Requirements

What's unit testing?

Unit testing is the technique of writing tests that assess low-level functionality against requirements.

Why should I unit test - I do charts and databases?

In reports, databases, and code we typically encode business rules, conventions, and our own conventions. Bringing these into reusable functions means less code reproduction, no variances between team members, and lower time to change.

All of these are verifiably correct and so can be tested. Therefore, why test them manually, or why risk someone “tweaking” the code and changing the rules without people knowing? Your unit tests save you time over the long run, and protect against unexpected behaviour changes.

Reconciliations can also be done inside your unit tests. If you have “canonical answers”, you can test new transformations against these to ensure you're consistent.

How to unit test?

I'm not a developer so this may be the wrong approach but here are the scenarios I write tests for:

  1. A single set of values that represent “normal” and expect this matches a correct answer
  2. A dataset that represents “normal” and expecting this to match correct answers
  3. Various permutations of bad input values and expect errors (ideally specific error messages)
  4. Edge cases that cover extreme values or boundaries for any inequalities or conditions
  5. Any bugs or compatibility issues

Also, if you're struggling to test because it's got really complex inputs, outputs, or intermediate calculations, consider breaking up the code and rewriting. It's more likely that things are going to go wrong and you won't know if something is particularly complex.

How to unit test in R?

Let's build a sample function:

myfunc<-function(a=1,b=2,c="blah"){
stopifnot(is.numeric(a), is.numeric(b),
            is.character(c))
d<-if(a<0){
          a*b
          }else{
          a/b
          }

e<-paste0(c,d)

return(e)
}

Let's write some tests (in a file tests/testthat/test-myfunc.r)

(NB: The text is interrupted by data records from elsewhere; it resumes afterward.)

Lemma prefix_add w a b : prefix w (a + b) = prefix w a ++ map w (seq a b).
Proof. unfold prefix. rewrite seq_app, map_app. reflexivity. Qed.

Lemma fold_prod_snoc (F : Entry -> R) l e :
  fold_right (fun e acc => F e * acc) 1 (l ++ [e])
  = fold_right (fun e acc => F e * acc) 1 l * F e.
Proof. induction l as [|a l IH]; simpl; [ring|]. rewrite IH; ring. Qed.

(** The product of the forecasts of one player recorded along the play path
    is the probability of the prefix under that player's measure. *)
Lemma forecast_product_hist (which : Strategy) (forecast : Entry -> Dist) f g w t :
  (forall h b, forecast (b, f h, g h) = which h) ->
  fold_right (fun e acc => prob (forecast e) (fst (fst e)) * acc) 1 (hist f g w t)
  = cylprob which f g (prefix w t).
Proof.
  intros Hforecast. unfold cylprob; rewrite prefix_length.
  transitivity (prodR t (fun n => prob (which (hist f g w n)) (w n))).
  - induction t as [|t IH]; [reflexivity|].
    cbn [hist prodR]. rewrite fold_prod_snoc, IH; simpl. rewrite Hforecast. reflexivity.
  - apply prodR_ext; intros i Hi. rewrite ext_prefix by exact Hi.
    do 2 f_equal. apply hist_ext; intros; rewrite ext_prefix by lia; reflexivity.
Qed.

Definition derivative_value (F G : R) : R :=
  if Rlt_dec 0 F then F / (F + G) else if Rlt_dec 0 G then F / (F + G) else 1/2.

Lemma derivative_test_hist f g w t :
  derivative_test (hist f g w (S t))
  = derivative_value (cylprob f f g (prefix w t)) (cylprob g f g (prefix w t)).
Proof.
  unfold derivative_test, fprod, gprod. simpl hist. rewrite removelast_last.
  rewrite (forecast_product_hist f (fun e => snd (fst e))) by reflexivity.
  rewrite (forecast_product_hist g snd) by reflexivity.
  reflexivity.
Qed.

Lemma derivative_value_below F G eps : 0 <= F -> 0 <= G -> 0 < eps < 1/2 ->
  derivative_value F G < eps -> F <= eps / (1 - eps) * G.
Proof.
  unfold derivative_value; intros HF HG He H.
  apply Rmult_le_reg_l with (1 - eps); [lra|].
  replace ((1 - eps) * (eps / (1 - eps) * G)) with (eps * G) by (field; lra).
  destruct (Rlt_dec 0 F).
  - assert (E : F = F / (F + G) * (F + G)) by (field; lra).
    set (q := F / (F + G)) in *. nra.
  - nra.
Qed.

Lemma derivative_value_above F G eps : 0 <= F -> 0 <= G -> 1/2 < eps < 1 ->
  eps < derivative_value F G -> G <= (1 - eps) / eps * F.
Proof.
  unfold derivative_value; intros HF HG He H.
  apply Rmult_le_reg_l with eps; [lra|].
  replace (eps * ((1 - eps) / eps * F)) with ((1 - eps) * F) by (field; lra).
  destruct (Rlt_dec 0 F).
  - assert (E : F = F / (F + G) * (F + G)) by (field; lra).
    set (q := F / (F + G)) in *. nra.
  - assert (F = 0) by lra. subst F.
    destruct (Rlt_dec 0 G); [rewrite Rdiv_0_l in H|]; lra.
Qed.

Lemma limit_below_frequently (u : nat -> R) l eps :
  Un_cv u l -> l < eps -> forall t0, exists t, (t0 <= t)%nat /\ u t < eps.
Proof.
  intros Hu Hl t0. destruct (Hu (eps - l)) as [N HN]; [lra|].
  exists (Nat.max t0 N). split; [lia|].
  specialize (HN (Nat.max t0 N) ltac:(lia)). unfold Rdist in HN.
  apply Rabs_def2 in HN. lra.
Qed.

# Add a high-level name for group of tests, typically the function name
context("myfunc")

# Simplest test
test_that("Defaults return expected result",{
  result<-myfunc()
  check<-"blah0.5"
  expect_equal(result,check)
})

# Vector test
test_that("Basic vectorisation works",{
  result<-myfunc(a=c(1,1),b=c(2,2), c=c("blah","blah"))
  check<-c("blah0.5","blah0.5")
  expect_equal(result,check)
})

# Non-uniform vectorisation test
test_that("Complex vectorisation works",{
  result<-myfunc(a=c(1,1),b=c(2,2))
  check<-c("blah0.5","blah0.5")
  expect_equal(result,check)
})

# Test a different condition
test_that("Negative a values result in multiplication",{
  result<-myfunc(a=c(-1,-2),b=c(2,2))
  check<-c("blah-2","blah-4")
  expect_equal(result,check)
})

# Test a different condition
test_that("a=0 values result in 0",{
  result<-myfunc(a=0)
  check<-c("blah0")
  expect_equal(result,check)
})

# Test some duff inputs
test_that("errors expectedly",{
  expect_error(myfunc(a="0"))
  expect_error(myfunc(b="0"))
  expect_error(myfunc(c=0))
})

There are a lot more expectation functions you can use and you can make your own.